# Soccer fans! MINI shoots and scores: The MINI Paceman GoalCooper.



## [email protected] (Aug 15, 2012)

*Munich.* The countdown is on in Brazil and soccer fans are gearing up for the biggest global sporting event of the year. Jerseys and flags are in huge demand but one question remains: what will be the car of choice for celebrating fans from mid June? MINI is sure to strike from outside the box with its homage to the beautiful game: the MINI Paceman GoalCooper.

This top international player is based on the MINI John Cooper Works Paceman, and is equipped with all it takes to make it from the group stages through to the final. The MINI Design Team captained by Oliviero Weilinho combined the colours green, blue and yellow to come up with the exclusive Danielson multi-coloured exterior line, giving MINI an early 1:0 lead.

The interior kit is far from off-side, astro turf floor mats in Brasileiro Green and the "floodlights" in the shape of a MINI LED interior lighting package give a stadium like feel. With this equipment aboard the MINI Paceman GoalCooper will set off "Mexican waves" on all four seats. It is match-fit when it comes to reliving controversial referee decisions and glorious goals via live web stream. A universal holder for smartphones and a rear holder for the Apple iPad will ensure comfortable viewing on the rear seat terraces. For relieving pre-match tension or enjoying some half-time downtime the MINI Paceman GoalCooper features a miniature table football set mounted on the Center Rail.
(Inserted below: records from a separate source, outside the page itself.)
Lemma mmulA : associative (@mmul G).
Proof.
move=> X Y Z; apply: mat_ext => /=; entry_expand;
  rewrite ?(actAM_mul, actMB_mul, actBN_mul, actNA_mul, actAMB, actBNA, pMN_bal,
    pMN_actl, pMN_actr, pNM_bal, pNM_actl, pNM_actr, pMN_assoc, pNM_assoc, mulrA);
  addr_perm.
Qed.
Lemma mmul1 : left_id mone (@mmul G). Proof. by move=> X; mat_eval. Qed.
Lemma mmulr1 : right_id mone (@mmul G). Proof. by move=> X; mat_eval. Qed.
Lemma mmulDl : left_distributive (@mmul G) (@madd G).
Proof. by move=> X Y Z; apply: mat_ext => /=; entry_expand; addr_perm. Qed.
Lemma mmulDr : right_distributive (@mmul G) (@madd G).
Proof. by move=> X Y Z; apply: mat_ext => /=; entry_expand; addr_perm. Qed.
HB.instance Definition _ :=
  GRing.Zmodule_isPzRing.Build (mat G) mmulA mmul1 mmulr1 mmulDl mmulDr.

Lemma mP1P2 : mP1 * mP2 = 0 :> mat G. Proof. by mat_eval. Qed.
Lemma mP2P1 : mP2 * mP1 = 0 :> mat G. Proof. by mat_eval. Qed.
Lemma mP1D2 : mP1 + mP2 = 1 :> mat G. Proof. by mat_eval. Qed.

Section Faithful.
Hypothesis faithfulA : forall a, (forall m, actAM a m = 0) -> a = 0.
Hypothesis faithfulB : forall b, (forall m, actMB m b = 0) -> b = 0.

Lemma central_diag a b : (forall m, actAM a m = actMB m b) ->
  (forall n, actBN b n = actNA n a) -> forall X, Mat a 0 0 b * X = X * Mat a 0 0 b.
Proof.
move=> abM baN X.
have ac a' : a * a' = a' * a.
  apply/subr0_eq/faithfulA => m.
  by rewrite actAM_addl actAMNl !actAM_mul abM actAMB -abM subrr.
have bc b' : b * b' = b' * b.
  apply/subr0_eq/faithfulB => m.
  by rewrite actMB_addr actMBNr !actMB_mul -abM actAMB abM subrr.
by mat_eval; rewrite ?ac ?bc ?abM ?baN.
Qed.
End Faithful.
End MatrixRing.

Section ZeroProductJordanMaps.
Variables (G : GMR) (phi : mat G -> mat G).
Hypotheses (phiD : {morph phi : x y / x + y}) (phi_zp : jordan_zp_derivable phi).

Lemma phi_mP1_mP2_shape :
  (forall a : gA G, a + a = 0 -> a = 0) -> (forall b : gB G, b + b = 0 -> b = 0) ->
  exists a m n b, phi mP1 = Mat a m n 0 /\ phi mP2 = Mat 0 (- m) (- n) b.
Proof.
move=> torsA torsB; have := phi_zp (@mP1P2 G) (@mP2P1 G); rewrite /jordan_defect.
case: (phi mP1) => a m n b'; case: (phi mP2) => a' m' n' b e.
have /= := congr1 (@m11 G) e; have /= := congr1 (@m12 G) e.
have /= := congr1 (@m21 G) e; have /= := congr1 (@m22 G) e.
entry_simpl => /torsB -> /addr0_eq <- /addr0_eq <- /torsA ->.
by exists a, m, n, b.
Qed.

Section PeirceShape.
Variables (a : gA G) (m : gM G) (n : gN G) (b : gB G).
Hypotheses (phiP1 : phi mP1 = Mat a m n 0) (phiP2 : phi mP2 = Mat 0 (- m) (- n) b).

Lemma phi1 : phi 1 = Mat a 0 0 b.
Proof. by rewrite -mP1D2 phiD phiP1 phiP2; mat_eval. Qed.

Lemma phi1_actM m' : actAM a m' = actMB m' b.
Proof.
pose X := Mat 0 m' 0 0 : mat G.
have [PX XQ QX XP XX] :
  [/\ mP1 * X = X, X * mP2 = X, mP2 * X = 0, X * mP1 = 0 & X * X = 0].
  by split; mat_eval.
move: (jordan_defect_offdiag phiD phi_zp (@mP1P2 G) (@mP2P1 G) PX XQ QX XP XX).
move/(congr1 (@m12 G)); rewrite /jordan_defect phiP1 phiP2 /=.
by entry_simpl; rewrite addrC => /addrI.
Qed.

Lemma phi1_actN n' : actBN b n' = actNA n' a.
Proof.
pose X := Mat 0 0 n' 0 : mat G.
have [PX XQ QX XP XX] :
  [/\ mP2 * X = X, X * mP1 = X, mP1 * X = 0, X * mP2 = 0 & X * X = 0].
  by split; mat_eval.
move: (jordan_defect_offdiag phiD phi_zp (@mP2P1 G) (@mP1P2 G) PX XQ QX XP XX).
move/(congr1 (@m21 G)); rewrite /jordan_defect phiP1 phiP2 /=.
by entry_simpl; rewrite addrC => /addrI.
Qed.

Lemma varphi_mP1 : varphi phi mP1 = 0.
Proof. by rewrite /varphi /Tof phi1 phiP1 phiP2; mat_eval. Qed.

Lemma varphi_mP2 : varphi phi mP2 = 0.
Proof. by rewrite /varphi /Tof phi1 phiP1 phiP2; mat_eval. Qed.
End PeirceShape.
End ZeroProductJordanMaps.

Theorem lemma2p4 (G : GMR) (hG : gmr_hyp G) (phi : mat G -> mat G)
  (phi_add : forall U V, phi (madd U V) = madd (phi U) (phi V))
  (phi_zp : forall U V, mmul U V = mzero -> mmul V U = mzero ->
            madd (jord (phi U) V) (jord U (phi V)) = mzero) :
  varphi phi mP1 = mzero /\ varphi phi mP2 = mzero /\
  (forall U V, mmul U V = mzero -> mmul V U = mzero ->
     madd (jord (varphi phi U) V) (jord U (varphi phi V)) = mzero).
Proof.
have [torsA [torsB [faithA faithB]]] := hG.
have phiD : {morph phi : x y / x + y} := phi_add.
have zp : jordan_zp_derivable phi := phi_zp.
have [a [m [n [b [phiP1 phiP2]]]]] := phi_mP1_mP2_shape zp torsA torsB.
have phi1_central X : phi 1 * X = X * phi 1.
  rewrite (phi1 phiD phiP1 phiP2).
  exact: (central_diag faithA faithB (phi1_actM phiD zp phiP1 phiP2)
                                     (phi1_actN phiD zp phiP1 phiP2)).
split; first exact (varphi_mP1 phiD phiP1 phiP2).
split; first exact (varphi_mP2 phiD phiP1 phiP2).
exact (jordan_zp_derivable_shift (Tof phi) zp phi1_central).
Qed.
Lemma nth_pad k v i : i < k -> nth 0 (pad k v) i = nth 0 v i.
Proof. exact: nth_mkseq. Qed.

Lemma padS k v : pad k.+1 v = nth 0 v 0 :: pad k (behead v).
Proof.
apply: (@eq_from_nth _ 0); first by rewrite size_pad /= size_pad.
rewrite size_pad => -[|i] Hi; first by rewrite nth_pad.
by rewrite [LHS]nth_pad //= nth_pad //; case: v => [|a v]; rewrite ?nth_nil.
Qed.

Lemma computable_ext k f g :
  computable k f -> (forall v, size v = k -> f v = g v) -> computable k g.
Proof. by move=> [p Hp] Efg; exists p => v; rewrite -Efg ?size_pad. Qed.

Lemma computable_proj k i : i < k -> computable k (fun v => nth 0 v i).
Proof. by move=> Hi; exists (PProj i) => v; rewrite nth_pad //; constructor. Qed.

Lemma computable0 k : computable k (fun _ => 0).
Proof. by exists PZero => v; constructor. Qed.

Lemma computable_succ1 : computable 1 (fun v => (nth 0 v 0).+1).
Proof. by exists PSucc => v; rewrite nth_pad //; case: v => [|a v]; apply: eSucc. Qed.

Lemma computable_oracle1 : computable 1 (fun v => O (nth 0 v 0) : nat).
Proof.
exists POracle => v; rewrite nth_pad //.
have -> : O (nth 0 v 0) = (if O (head 0 v) then 1 else 0) :> nat.
  by case: v => [|a v] /=; case: (O _).
exact: eOracle.
Qed.

Fixpoint all_computable k (gs : seq (seq nat -> nat)) : Prop :=
  if gs is g :: gs' then computable k g /\ all_computable k gs' else True.

Lemma evals_all_computable k gs : all_computable k gs ->
  exists ps, forall v, evals O ps v [seq g (pad k v) | g <- gs].
Proof.
elim: gs => [|g gs IH] /=; first by exists [::] => v; constructor.
move=> [[p Hp] /IH [ps Hps]].
by exists (p :: ps) => v; constructor; [apply: Hp | apply: Hps].
Qed.

Lemma computable_comp k m f gs : computable m f -> size gs = m ->
  all_computable k gs -> computable k (fun v => f [seq g v | g <- gs]).
Proof.
move=> [pf Hf] Hsize /evals_all_computable [ps Hps].
exists (PComp pf ps) => v; apply: eComp (Hps v) _.
by have := Hf [seq g (pad k v) | g <- gs]; rewrite [pad m _]pad_id ?size_map.
Qed.

Definition primrec (f g : seq nat -> nat) (ys : seq nat) (n : nat) : nat :=
  nat_rec (fun _ => nat) (f ys) (fun n r => g [:: n, r & ys]) n.

Lemma computable_primrec k f g : computable k f -> computable k.+2 g ->
  computable k.+1 (fun v => primrec f g (behead v) (nth 0 v 0)).
Proof.
move=> [pf Hf] [pg Hg].
have Hrec n ys : size ys = k -> eval O (PPrim pf pg) (n :: ys) (primrec f g ys n).
  move=> Hys; elim: n => [|n IH]; first by apply: ePrim0; have := Hf ys; rewrite pad_id.
  by apply: ePrimS IH _; have := Hg [:: n, primrec f g ys n & ys]; rewrite pad_id //= Hys.
have Hargs v : evals O (map PProj (iota 0 k.+1)) v (pad k.+1 v).
  rewrite /pad /mkseq; elim: (iota 0 k.+1) => [|j s IH] /=; constructor=> //.
  exact: eProj.
exists (PComp (PPrim pf pg) (map PProj (iota 0 k.+1))) => v.
by apply: eComp (Hargs v) _; rewrite padS /=; apply: Hrec; apply: size_pad.
Qed.

Lemma computable_mu k g h : computable k.+1 g ->
  (forall v, size v = k -> g (h v :: v) = 0 /\ forall m, m < h v -> g (m :: v) <> 0) ->
  computable k h.
Proof.
move=> [pg Hg] Hmin; exists (PMu pg) => v.
have [Hzero Hpos] := Hmin (pad k v) (size_pad k v).
apply: eMu; first by have := Hg (h (pad k v) :: v); rewrite padS /= Hzero.
move=> m /Hpos; have := Hg (m :: v); rewrite padS /=.
by case: (g _) => // r Hr _; exists r.
Qed.

Lemma computable_comp1 k F g : computable 1 (fun v => F (nth 0 v 0)) ->
  computable k g -> computable k (fun v => F (g v)).
Proof. by move=> HF Hg; apply: (@computable_comp k 1 _ [:: g] HF). Qed.

Lemma computable_comp2 k F g1 g2 :
  computable 2 (fun v => F (nth 0 v 0) (nth 0 v 1)) ->
  computable k g1 -> computable k g2 -> computable k (fun v => F (g1 v) (g2 v)).
Proof. by move=> HF H1 H2; apply: (@computable_comp k 2 _ [:: g1; g2] HF). Qed.

Lemma computable_comp3 k F g1 g2 g3 :
  computable 3 (fun v => F (nth 0 v 0) (nth 0 v 1) (nth 0 v 2)) ->
  computable k g1 -> computable k g2 -> computable k g3 ->
  computable k (fun v => F (g1 v) (g2 v) (g3 v)).
Proof. by move=> HF H1 H2 H3; apply: (@computable_comp k 3 _ [:: g1; g2; g3] HF). Qed.

Lemma computable_succ k g : computable k g -> computable k (fun v => (g v).+1).
Proof. exact: (computable_comp1 (F := S) computable_succ1). Qed.

Lemma computable_oracle k g : computable k g -> computable k (fun v => O (g v) : nat).
Proof. exact: (computable_comp1 (F := fun n => O n : nat) computable_oracle1). Qed.

Lemma computable_const k c : computable k (fun _ => c).
Proof. by elim: c => [|c IH]; [apply: computable0 | apply: computable_succ]. Qed.

Lemma computable_add k g1 g2 :
  computable k g1 -> computable k g2 -> computable k (fun v => g1 v + g2 v).
Proof.
apply: (computable_comp2 (F := addn)).
have H := computable_primrec (computable_proj (ltnSn 0))
  (computable_succ (@computable_proj 3 1 isT)).
by apply: (computable_ext H) => -[|a [|b []]] //= _; elim: a => //= a ->.
Qed.

Lemma computable_mul k g1 g2 :
  computable k g1 -> computable k g2 -> computable k (fun v => g1 v * g2 v).
Proof.
apply: (computable_comp2 (F := muln)).
have H := computable_primrec (computable0 1)
  (computable_add (@computable_proj 3 1 isT) (@computable_proj 3 2 isT)).
by apply: (computable_ext H) => -[|a [|b []]] //= _; elim: a => //= a ->; rewrite mulSn addnC.
Qed.

Lemma computable_double k g : computable k g -> computable k (fun v => (g v).*2).
Proof.
move=> Hg; apply: (computable_ext (computable_add Hg Hg)) => v _; exact: addnn.
Qed.

Lemma computable_exp2 k g : computable k g -> computable k (fun v => 2 ^ g v).
Proof.
apply: (computable_comp1 (F := expn 2)).
have H := computable_primrec (computable_const 0 1)
  (computable_double (@computable_proj 2 1 isT)).
by apply: (computable_ext H) => -[|a []] //= _; elim: a => //= a ->; rewrite expnS mul2n.
Qed.

Lemma computable_pred k g : computable k g -> computable k (fun v => (g v).-1).
Proof.
apply: (computable_comp1 (F := predn)).
have H := computable_primrec (computable0 0) (@computable_proj 2 0 isT).
by apply: (computable_ext H) => -[|[|a] []].
Qed.

Lemma computable_sub k g1 g2 :
  computable k g1 -> computable k g2 -> computable k (fun v => g1 v - g2 v).
Proof.
move=> H1 H2; apply: (@computable_comp2 k (fun a b => b - a)) H2 H1.
have H := computable_primrec (computable_proj (ltnSn 0))
  (computable_pred (@computable_proj 3 1 isT)).
by apply: (computable_ext H) => -[|a [|b []]] //= _; elim: a => //= [|a ->]; rewrite ?subn0 // subnS.
Qed.

Lemma computable_if k (c : seq nat -> bool) g1 g2 : computable k (fun v => c v : nat) ->
  computable k g1 -> computable k g2 -> computable k (fun v => if c v then g1 v else g2 v).
Proof.
move=> Hc H1 H2.
have Hcond : computable 3 (fun v => if nth 0 v 0 is 0 then nth 0 v 2 else nth 0 v 1).
  have H := computable_primrec (@computable_proj 2 1 isT) (@computable_proj 4 2 isT).
  by apply: (computable_ext H) => -[|[|b] [|x [|y []]]].
have := computable_comp3 (F := fun b x y => if b is 0 then y else x) Hcond Hc H1 H2.
by move/computable_ext; apply=> v _; case: (c v).
Qed.

Lemma computable_eq0 k g : computable k g -> computable k (fun v => (g v == 0) : nat).
Proof.
apply: (computable_comp1 (F := fun n => (n == 0) : nat)).
have H := computable_primrec (computable_const 0 1) (computable0 2).
by apply: (computable_ext H) => -[|[|a] []].
Qed.
Lemma interval_preserving_prod a b c d (f : cube a -> cube b) (g : cube c -> cube d) :
  interval_preserving f -> interval_preserving g ->
  interval_preserving (fprod f g).
Proof.
move=> If Ig x z; rewrite cle_split => /andP [xz1 xz2].
have [a1 [b1 [ab1 imf]]] := If _ _ xz1; have [a2 [b2 [ab2 img]]] := Ig _ _ xz2.
exists (cube_pair a1 a2), (cube_pair b1 b2); split; first by rewrite cle_pair ab1.
move=> w; split.
  move=> [y [xyz <-]]; rewrite /fprod in_interval_pair.
  move: xyz; rewrite -{1}(cube_pair_eta x) -{1}(cube_pair_eta y) -{1}(cube_pair_eta z).
  rewrite in_interval_pair => /andP [xyz1 xyz2].
  by apply/andP; split; [apply/imf; exists (cube_left y) | apply/img; exists (cube_right y)].
rewrite -(cube_pair_eta w) in_interval_pair.
move=> /andP [/imf [y1 [xyz1 fy1]] /img [y2 [xyz2 gy2]]].
exists (cube_pair y1 y2); split; last by rewrite /fprod cube_left_pair cube_right_pair fy1 gy2.
by rewrite -(cube_pair_eta x) -(cube_pair_eta z) in_interval_pair xyz1.
Qed.

Lemma interval_preserving_iso m (f g : cube m -> cube m) :
  cancel f g -> cancel g f -> monotone_cube f -> monotone_cube g ->
  interval_preserving f.
Proof.
move=> fK gK mf mg x z xz; exists (f x), (f z); split; first exact: mf.
move=> w; split; first by move=> [y [/andP [xy yz] <-]]; apply/andP; split; apply: mf.
move=> /andP [fxw wfz]; exists (g w); split; last exact: gK.
by apply/andP; split; [rewrite -[x]fK | rewrite -[z]fK]; apply: mg.
Qed.

Lemma interval_preserving_small m n (f : cube m -> cube n) :
  n <= 1 -> interval_preserving f.
Proof.
move=> n_le1 x z xz; pose P y := in_interval x z y.
have Px : P x by rewrite /P /in_interval cle_refl.
exists [ffun j => [forall y, P y ==> f y j]], [ffun j => [exists y, P y && f y j]].
split.
  apply/cleP => j; rewrite !ffunE => /forallP /(_ x); rewrite Px => fxj.
  by apply/existsP; exists x; rewrite Px.
move=> w; split.
  move=> [y [Py <-]]; apply/andP; split; apply/cleP => j; rewrite ffunE.
    by move=> /forallP /(_ y) /implyP; apply.
  by move=> fyj; apply/existsP; exists y; apply/andP.
move=> /andP [/cleP aw /cleP wb].
have [j _|no_index] := pickP (fun _ : 'I_n => true); last first.
  by exists x; split => //; apply/ffunP => j; have := no_index j.
have eq_w (v : cube n) : v j = w j -> v = w.
  by move=> vw; apply/ffunP => k; rewrite (ord_le1_eq k j n_le1).
case wj: (w j).
  have := wb j; rewrite ffunE wj => /(_ isT) /existsP [y /andP [Py fyj]].
  by exists y; split => //; apply: eq_w; rewrite fyj.
have : ~~ [ffun j => [forall y, P y ==> f y j]] j by apply/negP => /aw; rewrite wj.
rewrite ffunE negb_forall => /existsP [y]; rewrite negb_imply => /andP [Py fyNj].
by exists y; split => //; apply: eq_w; rewrite wj (negbTE fyNj).
Qed.

Lemma join_hom_prod a b c d (f : cube a -> cube b) (g : cube c -> cube d) :
  join_hom f -> join_hom g -> join_hom (fprod f g).
Proof.
move=> Jf Jg x y.
by rewrite /fprod cjoin_split !cube_left_pair !cube_right_pair Jf Jg -cjoin_pair.
Qed.

Lemma join_hom_small m n (f : cube m -> cube n) :
  m <= 1 -> monotone_cube f -> join_hom f.
Proof.
move=> m_le1 mf x y; have /orP [xy|yx] := cle_total_small x y m_le1.
  by rewrite !cjoin_idPr //; apply: mf.
by rewrite cjoinC (cjoinC (f x)) !cjoin_idPr //; apply: mf.
Qed.

Lemma tauK : involutive tau.
Proof. by move=> x; apply/ffunP => i; rewrite !ffunE rev_ordK. Qed.

Lemma monotone_tau : monotone_cube tau.
Proof. by move=> x y /cleP xy; apply/cleP => i; rewrite !ffunE; apply: xy. Qed.

Lemma DMor_sound m n (f : cube m -> cube n) :
  DMor f -> interval_preserving f /\ join_hom f.
Proof.
elim => {m n f}.
- move=> m n f m_le1 n_le1 mf.
  by split; [apply: interval_preserving_small | apply: join_hom_small].
- split; first exact: interval_preserving_iso tauK tauK monotone_tau monotone_tau.
  by move=> x y; apply/ffunP => i; rewrite !ffunE.
- split; first exact: interval_preserving_small.
  by move=> x y; apply/ffunP => i; rewrite !ffunE orbACA.
- by move=> n; split=> //; apply: (@interval_preserving_iso n id id).
- move=> m n p f g _ [If Jf] _ [Ig Jg].
  by split; [apply: interval_preserving_comp | move=> x y; rewrite Jf Jg].
- move=> a b c d f g _ [If Jf] _ [Ig Jg].
  by split; [apply: interval_preserving_prod | apply: join_hom_prod].
- move=> m n f g _ [If Jf] fg; split; first exact: eq_interval_preserving If.
  by move=> x y; rewrite -!fg.
Qed.

(** * The maps x |-> c \/ s_*(x) are morphisms *)

(* [bit x t] is the coordinate t of x, and [false] beyond the dimension: indexing by [nat]
   turns the identification of [1]^(2+n) with [1]^(1+(1+n)) below into arithmetic. *)
Definition bit k (x : cube k) (t : nat) : bool :=
  if insub t is Some o then x o else false.

Lemma bitE k (x : cube k) (o : 'I_k) : bit x o = x o.
Proof. by rewrite /bit valK. Qed.

Lemma eq_cube_bit k (x y : cube k) : (forall t, t < k -> bit x t = bit y t) -> x = y.
Proof. by move=> xy; apply/ffunP => o; rewrite -!bitE xy. Qed.

Lemma bit_ffun k (F : 'I_k -> bool) (G : nat -> bool) :
  (forall o : 'I_k, F o = G o) -> forall t, bit [ffun o => F o] t = (t < k) && G t.
Proof.
move=> FG t; rewrite /bit; case: insubP => [o _ <-|/negbTE -> //].
by rewrite ffunE FG ltn_ord.
Qed.

Lemma bit_left a c (x : cube (a + c)) t : bit (cube_left x) t = (t < a) && bit x t.
Proof. by apply: (bit_ffun (G := bit x)) => o; rewrite -bitE. Qed.

Lemma bit_out k (x : cube k) t : k <= t -> bit x t = false.
Proof. by move=> le_kt; rewrite /bit insubF // ltnNge le_kt. Qed.

Lemma bit_right a c (x : cube (a + c)) t : bit (cube_right x) t = bit x (a + t).
Proof.
rewrite (bit_ffun (G := fun t => bit x (a + t))) => [|o]; last by rewrite -bitE.
by case: ltnP => // le_ct; rewrite bit_out // leq_add2l.
Qed.

Lemma bit_pair b d (y : cube b) (z : cube d) t :
  bit (cube_pair y z) t = if t < b then bit y t else bit z (t - b).
Proof.
rewrite (bit_ffun (G := fun t => if t < b then bit y t else bit z (t - b))); last first.
  by move=> o; case: splitP => [j -> | k ->]; rewrite ?addKn bitE.
case: ltnP => // le_t; have le_bt : b <= t := leq_trans (leq_addr d b) le_t.
by rewrite ltnNge le_bt /= bit_out // leq_subRL // addnC.
Qed.

Lemma bit_tau (y : cube 2) t : bit (tau y) t = (t < 2) && bit y (1 - t).
Proof. by apply: (bit_ffun (G := fun t => bit y (1 - t))) => o; rewrite -bitE. Qed.

Lemma bit_gamma_plus (y : cube 2) t : bit (gamma_plus y) t = (t < 1) && (bit y 0 || bit y 1).
Proof. by apply: (bit_ffun (G := fun => bit y 0 || bit y 1)) => o; rewrite -!bitE. Qed.

Definition or_into n (dst : option 'I_n) (x : cube (1 + n)) : cube n :=
  [ffun j => cube_right x j || (dst == Some j) && cube_left x ord0].

Lemma bit_or_into n (j : 'I_n) (x : cube (1 + n)) t :
  bit (or_into (Some j) x) t = bit x (1 + t) || (t == j) && bit x 0.
Proof.
rewrite (bit_ffun (G := fun t => bit x (1 + t) || (t == j) && bit x 0)); last first.
  by move=> o; rewrite !ffunE -!bitE [Some j == _]eq_sym.
case: ltnP => // le_nt; have lt_jt : j < t := leq_trans (ltn_ord j) le_nt.
by rewrite bit_out ?leq_add2l // (gtn_eqF lt_jt) andbF.
Qed.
The MINI Paceman GoalCooper is fully equipped for training between matches. The rear seatbacks can be folded over to turn the boot, which is fully clad in AstroTurf, into a football goal. The net is attached behind the front seats. The MINI Paceman GoalCooper has a top defence line-up making it very difficult for any striker to score. As soon as the Park Distance Control (PDC) sensors, in conjunction with the interior monitoring sensors of the alarm system, register a shot on goal, the electric tailgate is operated, instantly closing the tailgate, reflecting the ball and keeping the box clean.

If a player successfully puts one past the 'keeper', he can share his success immediately with other MINI drivers. When the final whistle has been blown after 90 minutes the score is transmitted to the iPad in the MINI via a special MINI Paceman GoalCooper MINI Connected App. Thanks to intelligent connectivity the results can be compared online with other registered users at any time. The table is updated every day and at the end of the tournament the MINI Community World Champion will lift the trophy.

The new star of the MINI Team will be officially presented on 1 April 2014. All details regarding transfer fees and contract periods will remain strictly confidential until then.


----------